YOUR GOAL:
Among the entries below, take the line with "by rewrite -leqNgt." and the line with "by rewrite eqn_modDr", and output them and every line between them exactly, with nothing else.

*** Opening of DATASET EXCERPTS ***

Lemma radon_linked_separates v A B : affine_dep v -> separates v A -> separates v B ->
  radon_linked (bipart A) (bipart B).
Proof.
move=> dv; move: {2}_.+1 (ltnSn #|[set i | (i \in A) != (i \in B)]|) => n.
elim: n A => // n IH A; rewrite ltnS => diff_le sepA sepB.
have [diff0|[z zdiff]] := set_0Vmem [set i | (i \in A) != (i \in B)].
  suff -> : A = B by apply: radon_linked_refl.
  by apply/setP => i; move/setP: diff0 => /(_ i); rewrite !inE => /negbFE/eqP.
pose A' := [set i | if i == z then i \in B else i \in A].
have sepA' : separates v A' by move=> i; rewrite inE; case: (i == z).
have A'B : radon_linked (bipart A') (bipart B).
  apply: IH sepA' sepB; move: diff_le; rewrite (cardsD1 z) zdiff add1n.
  apply: leq_ltn_trans; apply: subset_leq_card; apply/subsetP => i.
  by rewrite !inE; case: (eqVneq i z) => [->|]; rewrite ?eqxx.
have [AA'|AA'] := eqVneq (bipart A) (bipart A'); first by rewrite AA'.
apply: radon_linked_cons A'B; first exact: radon_partition_bipart dv sepA'.
apply: (radon_adj_restrict1 (z := z) AA').
- exact: separates_set0 dv sepA.
- exact: separates_set0 dv sepA'.
- apply: restrict_bipart; apply/setP => i; rewrite !inE.
  by case: (eqVneq i z); rewrite ?andbF.
Qed.

Lemma radon_linked_sign_agree v w A B : affine_dep v -> affine_dep w ->
  separates v A -> separates w B -> (forall i, 0 <= v i * w i) ->
  radon_linked (bipart A) (bipart B).
Proof.
move=> dv dw sepA sepB vw_ge0; pose C := [set i | (0 < v i) || (0 < w i)].
have [sepvC sepwC] : separates v C /\ separates w C.
  by split=> i; rewrite !inE negb_or -!leNgt; have := vw_ge0 i; split => ?; nra.
exact: radon_linked_trans (radon_linked_separates dv sepA sepvC)
                          (radon_linked_separates dw sepwC sepB).
Qed.
Definition invertible (M : nmonoid) (x : nat) : Prop :=
  exists y, [/\ Mdom M y, mop M x y = me M & mop M y x = me M].

(* effective mge monoid with computable mge function eta
   (equality is decidable since it is equality of natural numbers) *)
Definition effective_mge_monoid (M : nmonoid) (eta : nat * nat -> nat * nat) : Prop :=
  mge_monoid M /\
      (forall m, Mdom M m.1 -> Mdom M m.2 ->
         [/\ Mdom M (eta m).1, Mdom M (eta m).2 & equalizable M m -> mge M m (eta m)]) /\
      (exists p, forall x, eval p [:: x] (bool_nat (Mdom M x))) /\
      (exists p, forall a b, Mdom M a -> Mdom M b -> eval p [:: a; b] (mop M a b)) /\
      (exists p, exists d : nat -> nat -> bool,
         (forall a b, Mdom M a -> Mdom M b -> (d a b <-> equalizable M (a, b))) /\
         (forall a b, Mdom M a -> Mdom M b -> eval p [:: a; b] (bool_nat (d a b)))) /\
      (exists p, forall a b, Mdom M a -> Mdom M b -> eval p [:: a; b] (cd_pair (eta (a, b)))) /\
      (exists p, forall x, Mdom M x -> invertible M x ->
         exists y, [/\ Mdom M y, mop M x y = me M, mop M y x = me M & eval p [:: x] y]).

(* Transducers with output in M.  States: 0..nQ-1, input letters:      *)
(* 0..nSig-1, transitions (p, a, m, q) with a = None for epsilon.       *)
Record transducer := Transducer {
  nQ : nat; nSig : nat; tI : seq nat; tF : seq nat;
  tDelta : seq (nat * option nat * nat * nat) }.

Definition wf_transducer (M : nmonoid) (T : transducer) : Prop :=
  [/\ all (fun q => q < nQ T) (tI T), all (fun q => q < nQ T) (tF T) &
      forall p a m q, (p, a, m, q) \in tDelta T ->
        [/\ p < nQ T, q < nQ T, Mdom M m & (if a is Some x then x < nSig T else true)]].

Definition oword (a : option nat) : seq nat := if a is Some x then [:: x] else [::].

Inductive tpath (M : nmonoid) (T : transducer) : nat -> seq nat -> nat -> nat -> Prop :=
| tp_nil p : p < nQ T -> tpath M T p [::] (me M) p
| tp_cons p a m q u m' r :
    (p, a, m, q) \in tDelta T -> tpath M T q u m' r ->
    tpath M T p (oword a ++ u) (mop M m m') r.

(* A monoidal automaton over M x M with states Q x Q (I x I, F x F) *)
Definition sqautomaton := seq ((nat * nat) * (nat * nat) * (nat * nat)).

Inductive spath (M : nmonoid) (T : transducer) (A : sqautomaton) :
  nat * nat -> nat * nat -> nat * nat -> Prop :=
| sp_nil p : p.1 < nQ T -> p.2 < nQ T -> spath M T A p (me M, me M) p
| sp_cons p m q n r :
    (p, m, q) \in A -> spath M T A q n r ->
    spath M T A p (mop M m.1 n.1, mop M m.2 n.2) r.

Definition inI2 (T : transducer) (q : nat * nat) := (q.1 \in tI T) && (q.2 \in tI T).
Definition inF2 (T : transducer) (q : nat * nat) := (q.1 \in tF T) && (q.2 \in tF T).

Definition squared_output_automaton (M : nmonoid) (T : transducer) (A : sqautomaton) : Prop :=
  (forall p m q, (p, m, q) \in A ->
     [/\ p.1 < nQ T, p.2 < nQ T, q.1 < nQ T, q.2 < nQ T & Mdom M m.1 && Mdom M m.2]) /\
  (forall p m q, spath M T A p m q <->
     exists u : seq nat, tpath M T p.1 u m.1 q.1 /\ tpath M T p.2 u m.2 q.2).

Definition on_successful_path M T A (q : nat * nat) : Prop :=
  exists i f mi mf, [/\ inI2 T i, inF2 T f, spath M T A i mi q & spath M T A q mf f].
Lemma block_perm_of n (I J : part n) :
  in_Sn I -> boxed J -> prefines I J -> block_perm n (perm_of I) (box_of J).
Proof.
move=> SnI boxJ IJ; have spI : is_setpart I by case/andP: SnI.
have spJ : is_setpart J by case/and3P: boxJ.
split.
- move=> j /bot_pt [x /(perm_of_bot I) ->].
  by have [t [tn _ -> _]] := top_ofP SnI x.
- move=> i i_lt; have [ti tiE] := ex_pt (ltn_addr n i_lt).
  have [b [bn tib _]] := block_bottom_pt SnI ti.
  exists (b - n); first by have := ltn_ord b; lia.
  rewrite (perm_of_bot _ (esym (subnKC bn))) -(proj1 (top_of_eq SnI _ _) tib).
  by rewrite (top_of_top SnI) tiE.
- move=> j k /bot_pt [xj xjE] /bot_pt [xk xkE].
  rewrite (perm_of_bot _ xjE) (perm_of_bot _ xkE) => /(top_of_eq SnI) xjk.
  have [b [_ _ b_uniq]] := block_bottom_pt SnI xj.
  have xj_bot : n <= xj by rewrite xjE leq_addr.
  have xk_bot : n <= xk by rewrite xkE leq_addr.
  have xjb := b_uniq xj xj_bot (setpart_refl spI xj).
  have xkb := b_uniq xk xk_bot xjk.
  by apply/eqP; rewrite -(eqn_add2l n) -xjE -xkE xjb xkb.
- by move=> k /andP [].
- move=> k kn; have [x xE] := bot_pt kn.
  have [t [tn xt tE _]] := top_ofP SnI x.
  have := prefines_mem IJ spJ xt; rewrite {1}(boxed_box_of boxJ) inE /=.
  by rewrite (perm_of_bot _ xE) tE xE modnDl !modn_small // => /eqP.
Qed.

Lemma all_BR_gens_words n l E : all (fun i => i.+1 < n) l -> all (fun i => i.+1 < n) E ->
  all (mem (BR_gens n)) (map (zgen n) l ++ map (egen n) E).
Proof.
have iota_lt i : i.+1 < n -> i \in iota 0 n.-1 by rewrite mem_iota; lia.
move=> /allP l_lt /allP E_lt; rewrite all_cat !all_map.
apply/andP; split; apply/allP => i /= i_in; rewrite mem_cat map_f ?orbT //.
  exact/iota_lt/l_lt.
exact/iota_lt/E_lt.
Qed.

Theorem proposition5p12 (n : nat) (p : part n * part n) :
  in_BR p <->
  exists s : seq (part n * part n),
    all (fun g => g \in BR_gens n) s /\ p = brprod s.
Proof.
split=> [|[gs [gs_gens ->]]]; last first.
  by have [s [S [bp ->]]] := brprod_block_perm gs_gens; apply: in_BR_lab.
case: p => I J /and3P [/= SnI boxJ IJ].
have bp := block_perm_of SnI boxJ IJ; have [_ _ _ box_lt _] := bp.
have [l l_box sE] := block_perm_is_swap_word bp.
pose E := filter (box_of J) (iota 0 n.-1).
have l_lt : all (fun i => i.+1 < n) l by apply/allP => i /(allP l_box) /box_lt.
have E_lt : all (fun i => i.+1 < n) E.
  by apply/allP => i; rewrite mem_filter => /andP [/box_lt].
exists (map (zgen n) l ++ map (egen n) E); split; first exact: all_BR_gens_words.
rewrite brprod_words //; congr (_, _).
  by rewrite {1}(Sn_perm_of SnI); apply: eq_perm_part.
rewrite {1}(boxed_box_of boxJ); apply: eq_box_part => j j_lt.
rewrite mem_filter mem_iota /=; case box_j: (box_of J j) => /=.
  by rewrite (_ : j < 0 + n.-1) ?orbT //; lia.
by rewrite orbF; apply/esym/negP => /(allP l_box); rewrite box_j.
Qed.
(* Let $N=2p$ and let $2^{-1}$ denote the inverse of $2$ modulo $2^N-1$. Then (1) $S(2)\equiv \big(1-(2^p+1)2^{-1}\big)+(2^p+1)2^{-1}\cdot\frac{2^{N}-1}{3}-2^{-1}\Big(\big(\tfrac{2}{p}\big)2^p+1\Big)G_p \pmod{2^N-1}$; (2) $G_p^2\equiv\big(\tfrac{-1}{p}\big)\Big(p-\frac{2^N-1}{3}\Big)\pmod{2^N-1}$.
   Context: Let $p$ be an odd prime and $g$ an odd integer which is a primitive root modulo $p$ and modulo $2p$. Define $D_0^{(p)}=\{g^{2k}\bmod p : 0\le k\le \frac{p-1}{2}-1\}$, $D_1^{(p)}=\{g^{2k+1}\bmod p : 0\le k\le \frac{p-1}{2}-1\}$, $D_0^{(2p)}=\{g^{2k}\bmod 2p : 0\le k\le \frac{p-1}{2}-1\}$, $D_1^{(2p)}=\{g^{2k+1}\bmod 2p : 0\le k\le \frac{p-1}{2}-1\}$, viewed as subsets of $\{0,\dots,p-1\}$ resp. $\{0,1,\dots,2p-1\}$. For $j\in\{0,1\}$ let $2D_j^{(p)}=\{2a \bmod 2p : a\in D_j^{(p)}\}$. Let $C_1=D_1^{(2p)}\cup 2D_1^{(p)}\cup\{0\}$ and $C_0=D_0^{(2p)}\cup 2D_0^{(p)}\cup\{p\}$ (these partition $\{0,\dots,2p-1\}$). The binary sequence $s$ of period $2p$ is $s_i=1$ if $i\bmod 2p\in C_1$ and $s_i=0$ otherwise, and $S(x)=\sum_{i=0}^{2p-1}s_ix^i\in\mathbb{Z}[x]$, so $S(2)=\sum_{i=0}^{2p-1}s_i2^i$. Here $\left(\frac{a}{p}\right)$ is the Legendre symbol, and $G_p=\sum_{a=1}^{p-1}\left(\frac{a}{p}\right)2^{2a}\bmod (2^{2p}-1)$. *)

From HB Require Import structures.
From mathcomp Require Import all_boot all_order all_algebra.
Set Implicit Arguments. Unset Strict Implicit. Unset Printing Implicit Defensive.
Import Order.TTheory GRing.Theory Num.Theory.

Definition primitive_root (g n : nat) : bool :=
  coprime g n && (g ^ totient n %% n == 1 %% n) &&
  [forall k : 'I_(totient n), (0 < k) ==> (g ^ k %% n != 1 %% n)].

Definition legendre (a : int) (p : nat) : int :=
  if (p%:Z %| a)%Z then 0%R
  else if [exists x : 'I_p, (p%:Z %| (x%:Z ^+ 2 - a)%R)%Z] then 1%R else (-1)%R.

Definition half (p : nat) : nat := (p.-1)./2.

Definition D0p (g p : nat) : seq nat := [seq g ^ (2 * k) %% p | k <- iota 0 (half p)].
Definition D1p (g p : nat) : seq nat := [seq g ^ (2 * k + 1) %% p | k <- iota 0 (half p)].
Definition D02p (g p : nat) : seq nat := [seq g ^ (2 * k) %% (2 * p) | k <- iota 0 (half p)].
Definition D12p (g p : nat) : seq nat := [seq g ^ (2 * k + 1) %% (2 * p) | k <- iota 0 (half p)].

Definition twoD (p : nat) (D : seq nat) : seq nat := [seq (2 * a) %% (2 * p) | a <- D].

Definition C1 (g p : nat) : seq nat := D12p g p ++ twoD p (D1p g p) ++ [:: 0].

Definition s_seq (g p i : nat) : nat := (i %% (2 * p) \in C1 g p : nat).

Definition S2 (g p : nat) : int := (\sum_(i < 2 * p) (s_seq g p i)%:Z * 2%:Z ^+ i)%R.

Definition Gp (p : nat) : int :=
  ((\sum_(1 <= a < p) legendre a%:Z p * 2%:Z ^+ (2 * a))%R %% (2%:Z ^+ (2 * p) - 1)%R)%Z.

From Pilot Require Import Defs.
From HB Require Import structures.
From mathcomp Require Import all_boot all_order all_algebra.
From mathcomp Require Import zify ring.
Set Implicit Arguments. Unset Strict Implicit. Unset Printing Implicit Defensive.
Import Order.TTheory GRing.Theory Num.Theory.
Local Open Scope ring_scope.

(* Both congruences are equalities in the ring Z_M, M = 2^(2p) - 1, in which
   w = 2 is a 2p-th root of unity, x = w^2 = 4 is a p-th root of unity and
   M/3 = 1 + 4 + ... + 4^(p-1) is the period sum T of x.
   - First, congruences modulo n are transported to 'Z_n, and sums over the
     residues mod p are reindexed by multiplication and translation.
   - The Legendre symbol is the quadratic character chi of 'Z_p; through the
     primitive root g we get chi(g^m) = (-1)^m, hence chi is multiplicative,
     sums to 0 over 1..p-1, and D_1^(p) is exactly its set of non-residues.
   - In any commutative ring, for a quadratic character chi and x^p = 1, the
     Gauss sum G = sum chi(a) x^a satisfies G^2 = chi(-1) (p - T); and a
     binary sequence of period 2p built from {0} u D and D (as C_1 is) has
     evaluation 1 + (T-1-G)/2 + w^p (T-1-chi(2) G)/2 at w.
   - Since g is odd, C_1 has exactly this shape (Chinese remaindering mod 2p).
   The theorem follows by specializing to R = 'Z_M, w = 2, 1/2 = inv2. *)

Section ResidueRing.
Variable n : nat.
Hypothesis n_gt1 : (1 < n)%N.

Lemma Zn_natE (a b : nat) : ((a%:R : 'Z_n) == b%:R) = (a == b %[mod n])%N.
Proof. by rewrite -val_eqE /= !val_Zp_nat. Qed.

Lemma Zn_nat_neq0 (a : nat) : (0 < a < n)%N -> (a%:R : 'Z_n) != 0.
Proof.
move=> /andP[a_gt0 a_lt_n].
by rewrite [0](_ : _ = 0%:R) // Zn_natE // mod0n modn_small // -lt0n.
Qed.

Lemma Zn_int_eq0 (z : int) : ((z%:~R : 'Z_n) == 0) = (n%:Z %| z)%Z.
Proof.
case: z => k; last rewrite NegzE intrN oppr_eq0.
all: by rewrite -pmulrn [0 in LHS](_ : _ = 0%:R) // Zn_natE // mod0n dvdzE /=.
Qed.

Lemma Zn_intE (a b : int) : ((a%:~R : 'Z_n) == b%:~R) = (a == b %[mod n%:Z])%Z.
Proof. by rewrite eqz_mod_dvd -Zn_int_eq0 intrB subr_eq0. Qed.

Lemma Zn_modz (z : int) : (((z %% n%:Z)%Z)%:~R : 'Z_n) = z%:~R.
Proof. by apply/eqP; rewrite Zn_intE modz_mod. Qed.

End ResidueRing.

Lemma big_seq_selfinj (R : Type) (idx : R) (op : Monoid.com_law idx)
    (T : eqType) (s : seq T) (f : T -> T) (F : T -> R) :
  uniq s -> {in s &, injective f} -> {in s, forall x, f x \in s} ->
  \big[op/idx]_(x <- s) F (f x) = \big[op/idx]_(x <- s) F x.
Proof.
move=> s_uniq f_inj f_s; rewrite -(big_map f xpredT F); apply: perm_big.
have fs_uniq : uniq (map f s) by rewrite map_inj_in_uniq.
have fs_sub : {subset map f s <= s} by move=> _ /mapP[x xs ->]; apply: f_s.
have [_ fs_eq] := uniq_min_size fs_uniq fs_sub (eq_leq (esym (size_map f s))).
exact: uniq_perm.
Qed.

Lemma sum_mul_reindex (V : zmodType) (p u : nat) (F : nat -> V) :
  prime p -> ~~ (p %| u)%N ->
  \sum_(1 <= a < p) F ((u * a) %% p)%N = \sum_(1 <= a < p) F a.
Proof.
move=> p_pr u_ndvd; have p_gt1 := prime_gt1 p_pr.
have u_unit : (u%:R : 'Z_p) \is a GRing.unit by rewrite unitZpE // prime_coprime.
apply: big_seq_selfinj; first exact: iota_uniq.
  move=> a b; rewrite !mem_index_iota => /andP[a1 ap] /andP[b1 bp] /eqP.
  rewrite -(Zn_natE p_gt1) !natrM => /eqP/(mulrI u_unit)/eqP.
  by rewrite Zn_natE // !modn_small // => /eqP.
move=> a; rewrite !mem_index_iota => /andP[a_gt0 a_lt_p].
rewrite ltn_mod (prime_gt0 p_pr) andbT lt0n; apply: contraL a_lt_p.
rewrite -/(dvdn p (u * a)) Euclid_dvdM // (negbTE u_ndvd) => /(dvdn_leq a_gt0).
by rewrite -leqNgt.
Qed.

Lemma sum_shift_reindex (V : zmodType) (n k : nat) (F : nat -> V) : (0 < n)%N ->
  \sum_(0 <= b < n) F ((b + k) %% n)%N = \sum_(0 <= b < n) F b.
Proof.
move=> n_gt0; apply: big_seq_selfinj; first exact: iota_uniq.
  move=> a b; rewrite !mem_index_iota => /andP[_ a_lt] /andP[_ b_lt] /eqP.
  by rewrite eqn_modDr !modn_small // => /eqP.
by move=> a _; rewrite mem_index_iota ltn_pmod.
Qed.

*** Close of DATASET EXCERPTS ***

WRITTEN RESPONSE:
by rewrite -leqNgt.
Qed.

Lemma sum_shift_reindex (V : zmodType) (n k : nat) (F : nat -> V) : (0 < n)%N ->
  \sum_(0 <= b < n) F ((b + k) %% n)%N = \sum_(0 <= b < n) F b.
Proof.
move=> n_gt0; apply: big_seq_selfinj; first exact: iota_uniq.
  move=> a b; rewrite !mem_index_iota => /andP[_ a_lt] /andP[_ b_lt] /eqP.
  by rewrite eqn_modDr !modn_small // => /eqP.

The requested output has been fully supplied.